* ABOUT THIS EXERCISE *
Only the lines of the data below from the one with "rewrite /mdivergence mulrnDr; ring." through the one with "split=> [[g [_" are wanted. Repeat them exactly.

* SUPPLIED MATERIAL *
(* Let $n\ge 1$, $d\ge 1$ and $R=\mathbb{C}[x_0,\dots,x_n]$. A tuple $(f_{ij}: 0\le i<j\le n)\in R_d^{\binom{n+1}{2}}$ is the tuple of determinantal equations of the eigenscheme of a partially symmetric tensor, i.e. there exist $g_0,\dots,g_n\in R_{d-1}$ with $f_{ij}=x_ig_j-x_jg_i$ for all $0\le i<j\le n$, if and only if $$x_if_{jk}-x_jf_{ik}+x_kf_{ij}=0\quad\text{for every }0\le i<j<k\le n.$$
   Context: A partially symmetric tensor is identified with a tuple $T=(g_0,\dots,g_n)$ of homogeneous polynomials $g_i\in\mathbb{C}[x_0,\dots,x_n]_{d-1}$; the determinantal equations of its eigenscheme $E(T)$ are the $2\times 2$ minors $x_ig_j-x_jg_i$ ($0\le i<j\le n$) of the matrix $\begin{pmatrix} x_0&\dots&x_n\\ g_0&\dots&g_n\end{pmatrix}$. *)

From HB Require Import structures.
From mathcomp Require Import all_boot all_order all_algebra.
From mathcomp Require Import reals.
From mathcomp Require Import complex.
From mathcomp Require Import mpoly.
Set Implicit Arguments. Unset Strict Implicit. Unset Printing Implicit Defensive.
Import Order.TTheory GRing.Theory Num.Theory.
Local Open Scope ring_scope.

(* The complex numbers C = R[i] for a model R of the real numbers. *)
(* Polynomial ring C[x_0,...,x_n] = {mpoly R[i][n.+1]}; x_i = 'X_i. *)

From HB Require Import structures.
From mathcomp Require Import all_boot all_order all_algebra.
From mathcomp Require Import reals complex mpoly.
From mathcomp Require Import ring.
Set Implicit Arguments. Unset Strict Implicit. Unset Printing Implicit Defensive.
Import Order.TTheory GRing.Theory Num.Theory.
Local Open Scope ring_scope.

(* Extend f antisymmetrically to all pairs (i, j) and view it as a 2-chain F
   of the Koszul complex on x_0, ..., x_n; the hypothesis says that F is a
   cycle.  Taking the divergence sum_k d/dx_k of the cycle identity
   x_i F_jk - x_j F_ik + x_k F_ij = 0 and using Euler's formula
   sum_k x_k d/dx_k F_ij = d F_ij gives, with G_a := sum_k d/dx_k F_ak,
   x_i G_j - x_j G_i = -(n + d - 1) F_ij,
   so g := -G / (n + d - 1) works since the characteristic is 0. *)

Section PartialDerivatives.
Variables (K : comNzRingType) (n : nat).
Implicit Types (p : {mpoly K[n]}).

Lemma mderivXi (i k : 'I_n) : ('X_i : {mpoly K[n]})^`M(k) = (i == k)%:R.
Proof.
rewrite mderivX mnm1E; case: eqVneq => [->|_]; last by rewrite scale0r.
have -> : (U_(k) - U_(k) = 0)%MM by apply/mnmP=> j; rewrite mnmBE subnn mnm0E.
by rewrite mpolyX0 scale1r.
Qed.

Lemma sum_mulX_mderivX (m : 'X_{1..n}) :
  \sum_k ('X_k : {mpoly K[n]}) * ('X_[m])^`M(k) = 'X_[m] *+ mdeg m.
Proof.
rewrite mdegE -sumrMnr; apply: eq_bigr => k _.
rewrite mderivX -scalerAr -mpolyXD scaler_nat.
have [->|mk_gt0] := posnP (m k); first by rewrite !mulr0n.
congr (_ *+ _); congr 'X_[_]; apply/mnmP => j.
rewrite mnmDE mnmBE mnm1E; case: eqVneq => [<-|_]; last by rewrite subn0.
by rewrite add1n subn1 prednK.
Qed.

Lemma euler_dhomog p d : p \is d.-homog -> \sum_k 'X_k * p^`M(k) = p *+ d.
Proof.
move=> /dhomogP p_homog; rewrite {1 2}(mpolyE p).
under eq_bigr do rewrite raddf_sum mulr_sumr.
rewrite exchange_big /= -sumrMnl big_seq [RHS]big_seq; apply: eq_bigr => m m_supp.
under eq_bigr do rewrite mderivZ -scalerAr.
by rewrite -scaler_sumr sum_mulX_mderivX p_homog // scalerMnr.
Qed.

Lemma mderiv_dhomog p d k : p \is d.-homog -> p^`M(k) \is d.-1.-homog.
Proof.
move=> /dhomogP p_homog; apply/dhomogP => m.
rewrite mcoeff_msupp mcoeff_mderiv => coef_neq0.
have : p@_(m + U_(k)) != 0 by apply: contraNneq coef_neq0 => ->; rewrite mul0rn.
by rewrite -mcoeff_msupp => /p_homog <- /=; rewrite mdegD mdeg1 addn1.
Qed.

End PartialDerivatives.

Section AlternatingTernary.
Variables (V : zmodType) (m : nat) (h : 'I_m -> 'I_m -> 'I_m -> V).
Hypotheses (h_swap12 : forall i j k, h j i k = - h i j k)
           (h_swap23 : forall i j k, h i k j = - h i j k)
           (h_diag12 : forall i k, h i i k = 0)
           (h_diag23 : forall i j, h i j j = 0)
           (h_sorted : forall i j k : 'I_m, (i < j)%N -> (j < k)%N -> h i j k = 0).

Lemma alternating3_eq0 i j k : h i j k = 0.
Proof.
have h_lt12 (a b c : 'I_m) : (a < b)%N -> h a b c = 0.
  move=> lt_ab; case: (ltngtP b c) => [lt_bc|lt_cb|/val_inj <-].
  - exact: h_sorted.
  - rewrite h_swap23; case: (ltngtP a c) => [lt_ac|lt_ca|/val_inj <-].
    + by rewrite h_sorted ?oppr0.
    + by rewrite h_swap12 h_sorted ?opprK.
    + by rewrite h_diag12 oppr0.
  - exact: h_diag23.
case: (ltngtP i j) => [lt_ij|lt_ji|/val_inj <-].
- exact: h_lt12.
- by rewrite -[h i j k]opprK -h_swap12 h_lt12 ?oppr0.
- exact: h_diag12.
Qed.

End AlternatingTernary.

Section AlternatingExtension.
Variables (V : zmodType) (m : nat) (f : 'I_m -> 'I_m -> V).

Definition alt_ext (i j : 'I_m) : V :=
  if (i < j)%N then f i j else if (j < i)%N then - f j i else 0.

Lemma alt_ext_swap (i j : 'I_m) : alt_ext j i = - alt_ext i j.
Proof. by rewrite /alt_ext; case: ltngtP; rewrite ?opprK ?oppr0. Qed.

Lemma alt_ext_diag (i : 'I_m) : alt_ext i i = 0.
Proof. by rewrite /alt_ext ltnn. Qed.

Lemma alt_ext_lt (i j : 'I_m) : (i < j)%N -> alt_ext i j = f i j.
Proof. by rewrite /alt_ext => ->. Qed.

Lemma alt_ext_rpred (S : zmodClosed V) (i j : 'I_m) :
  (forall a b : 'I_m, (a < b)%N -> f a b \in S) -> alt_ext i j \in S.
Proof. by move=> f_S; rewrite /alt_ext; case: ltngtP => ?; rewrite ?rpredN ?f_S ?rpred0. Qed.

End AlternatingExtension.

Section KoszulCycles.
Variables (K : comNzRingType) (n : nat).
Implicit Types (F : 'I_n -> 'I_n -> {mpoly K[n]}).

Definition koszul2 F (i j k : 'I_n) : {mpoly K[n]} :=
  'X_i * F j k - 'X_j * F i k + 'X_k * F i j.

Definition mdivergence F (a : 'I_n) : {mpoly K[n]} := \sum_k (F a k)^`M(k).

Definition alternating F := forall i j, F j i = - F i j.

Lemma sum_delta_mul (x : 'I_n -> {mpoly K[n]}) (i : 'I_n) :
  \sum_k (i == k)%:R * x k = x i.
Proof.
rewrite (bigD1 i) //= eqxx mul1r big1 ?addr0 // => k ne_ki.
by rewrite eq_sym (negbTE ne_ki) mul0r.
Qed.

Lemma alternating_alt_ext (f : 'I_n -> 'I_n -> {mpoly K[n]}) : alternating (alt_ext f).
Proof. exact: alt_ext_swap. Qed.

Lemma koszul2_alt_ext_eq0 (f : 'I_n -> 'I_n -> {mpoly K[n]}) :
  (forall i j k : 'I_n, (i < j)%N -> (j < k)%N -> koszul2 f i j k = 0) ->
  forall i j k, koszul2 (alt_ext f) i j k = 0.
Proof.
move=> f_cycle i j k.
apply: alternating3_eq0 => {i j k} [i j k|i j k|i k|i j|i j k lt_ij lt_jk];
  rewrite /koszul2 ?alt_ext_diag.
- by rewrite (alt_ext_swap f i j); ring.
- by rewrite (alt_ext_swap f j k); ring.
- by ring.
- by rewrite (alt_ext_swap f j i); ring.
- by rewrite !alt_ext_lt ?(ltn_trans lt_ij lt_jk) //; apply: f_cycle.
Qed.

Lemma mdivergence_koszul2 F d (i j : 'I_n) :
  alternating F -> F i j \is d.-homog ->
  \sum_k (koszul2 F i j k)^`M(k)
    = 'X_i * mdivergence F j - 'X_j * mdivergence F i - F i j *+ 2
      + F i j *+ (n + d).
Proof.
move=> F_alt F_homog; rewrite /koszul2.
under eq_bigr do rewrite mderivD mderivB !mderivM !mderivXi.
rewrite !big_split /= sumrN big_split /= !sum_delta_mul.
rewrite -!mulr_sumr (euler_dhomog F_homog) (F_alt i j).
have -> : \sum_(k < n) (k == k)%:R * F i j = F i j *+ n.
  by rewrite (eq_bigr (fun=> F i j)) ?sumr_const ?card_ord // => k _; rewrite eqxx mul1r.
rewrite /mdivergence mulrnDr; ring.
Qed.

End KoszulCycles.

Section KoszulExactness.
Variables (K : fieldType) (n d : nat).
Hypothesis nd_neq0 : (n + d)%:R != 0 :> K.
Variable F : 'I_n.+1 -> 'I_n.+1 -> {mpoly K[n.+1]}.
Hypotheses (F_alt : alternating F) (F_homog : forall i j, F i j \is d.+1.-homog)
           (F_cycle : forall i j k, koszul2 F i j k = 0).

Lemma koszul2_cycle_boundary :
  exists g : 'I_n.+1 -> {mpoly K[n.+1]},
    (forall a, g a \is d.-homog) /\
    (forall i j, F i j = 'X_i * g j - 'X_j * g i).
Proof.
have div_eq i j : 'X_i * mdivergence F j - 'X_j * mdivergence F i
                  = - (F i j *+ (n + d)).
  have := mdivergence_koszul2 F_alt (F_homog i j).
  rewrite big1 => [|k _]; last by rewrite F_cycle mderiv0.
  move=> div_sum; apply/eqP; rewrite -subr_eq0 [X in _ == X]div_sum; apply/eqP.
  rewrite addSn addnS !mulrS; ring.
exists (fun a => - ((n + d)%:R^-1 *: mdivergence F a)); split.
  move=> a; rewrite rpredN rpredZ // rpred_sum // => k _.
  exact: mderiv_dhomog (F_homog a k).
move=> i j; rewrite !mulrN -!scalerAr opprK addrC -scalerBr -opprB div_eq opprK.
by rewrite -scaler_nat scalerA mulVf ?scale1r.
Qed.

End KoszulExactness.

Theorem theorem3p1 (R : realType) (n d : nat) (hn : (1 <= n)%N) (hd : (1 <= d)%N)
  (f : 'I_n.+1 -> 'I_n.+1 -> {mpoly R[i][n.+1]})
  (hf : forall i j : 'I_n.+1, (i < j)%N -> f i j \is d.-homog) :
  (exists g : 'I_n.+1 -> {mpoly R[i][n.+1]},
      (forall i, g i \is d.-1.-homog) /\
      (forall i j : 'I_n.+1, (i < j)%N -> f i j = 'X_i * g j - 'X_j * g i))
  <->
  (forall i j k : 'I_n.+1, (i < j)%N -> (j < k)%N ->
      'X_i * f j k - 'X_j * f i k + 'X_k * f i j = 0).
Proof.
split=> [[g [_ f_eq]] i j k lt_ij lt_jk|f_cycle].
  by rewrite (f_eq _ _ lt_ij) (f_eq _ _ lt_jk) (f_eq _ _ (ltn_trans lt_ij lt_jk)); ring.
case: d hd hf => // d _ hf.
have F_homog i j : alt_ext f i j \is d.+1.-homog by apply: alt_ext_rpred.
have nd_neq0 : (n + d)%:R != 0 :> R[i] by rewrite pnatr_eq0 addn_eq0 negb_and -lt0n hn.
have [g [g_homog g_eq]] := koszul2_cycle_boundary nd_neq0
  (alternating_alt_ext f) F_homog (koszul2_alt_ext_eq0 f_cycle).
exists g; split=> // i j lt_ij.
by rewrite -g_eq alt_ext_lt.
Qed.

* ANSWER FOR THIS EXERCISE *
rewrite /mdivergence mulrnDr; ring.
Qed.

End KoszulCycles.

Section KoszulExactness.
Variables (K : fieldType) (n d : nat).
Hypothesis nd_neq0 : (n + d)%:R != 0 :> K.
Variable F : 'I_n.+1 -> 'I_n.+1 -> {mpoly K[n.+1]}.
Hypotheses (F_alt : alternating F) (F_homog : forall i j, F i j \is d.+1.-homog)
           (F_cycle : forall i j k, koszul2 F i j k = 0).

Lemma koszul2_cycle_boundary :
  exists g : 'I_n.+1 -> {mpoly K[n.+1]},
    (forall a, g a \is d.-homog) /\
    (forall i j, F i j = 'X_i * g j - 'X_j * g i).
Proof.
have div_eq i j : 'X_i * mdivergence F j - 'X_j * mdivergence F i
                  = - (F i j *+ (n + d)).
  have := mdivergence_koszul2 F_alt (F_homog i j).
  rewrite big1 => [|k _]; last by rewrite F_cycle mderiv0.
  move=> div_sum; apply/eqP; rewrite -subr_eq0 [X in _ == X]div_sum; apply/eqP.
  rewrite addSn addnS !mulrS; ring.
exists (fun a => - ((n + d)%:R^-1 *: mdivergence F a)); split.
  move=> a; rewrite rpredN rpredZ // rpred_sum // => k _.
  exact: mderiv_dhomog (F_homog a k).
move=> i j; rewrite !mulrN -!scalerAr opprK addrC -scalerBr -opprB div_eq opprK.
by rewrite -scaler_nat scalerA mulVf ?scale1r.
Qed.

End KoszulExactness.

Theorem theorem3p1 (R : realType) (n d : nat) (hn : (1 <= n)%N) (hd : (1 <= d)%N)
  (f : 'I_n.+1 -> 'I_n.+1 -> {mpoly R[i][n.+1]})
  (hf : forall i j : 'I_n.+1, (i < j)%N -> f i j \is d.-homog) :
  (exists g : 'I_n.+1 -> {mpoly R[i][n.+1]},
      (forall i, g i \is d.-1.-homog) /\
      (forall i j : 'I_n.+1, (i < j)%N -> f i j = 'X_i * g j - 'X_j * g i))
  <->
  (forall i j k : 'I_n.+1, (i < j)%N -> (j < k)%N ->
      'X_i * f j k - 'X_j * f i k + 'X_k * f i j = 0).
Proof.
split=> [[g [_ f_eq]] i j k lt_ij lt_jk|f_cycle].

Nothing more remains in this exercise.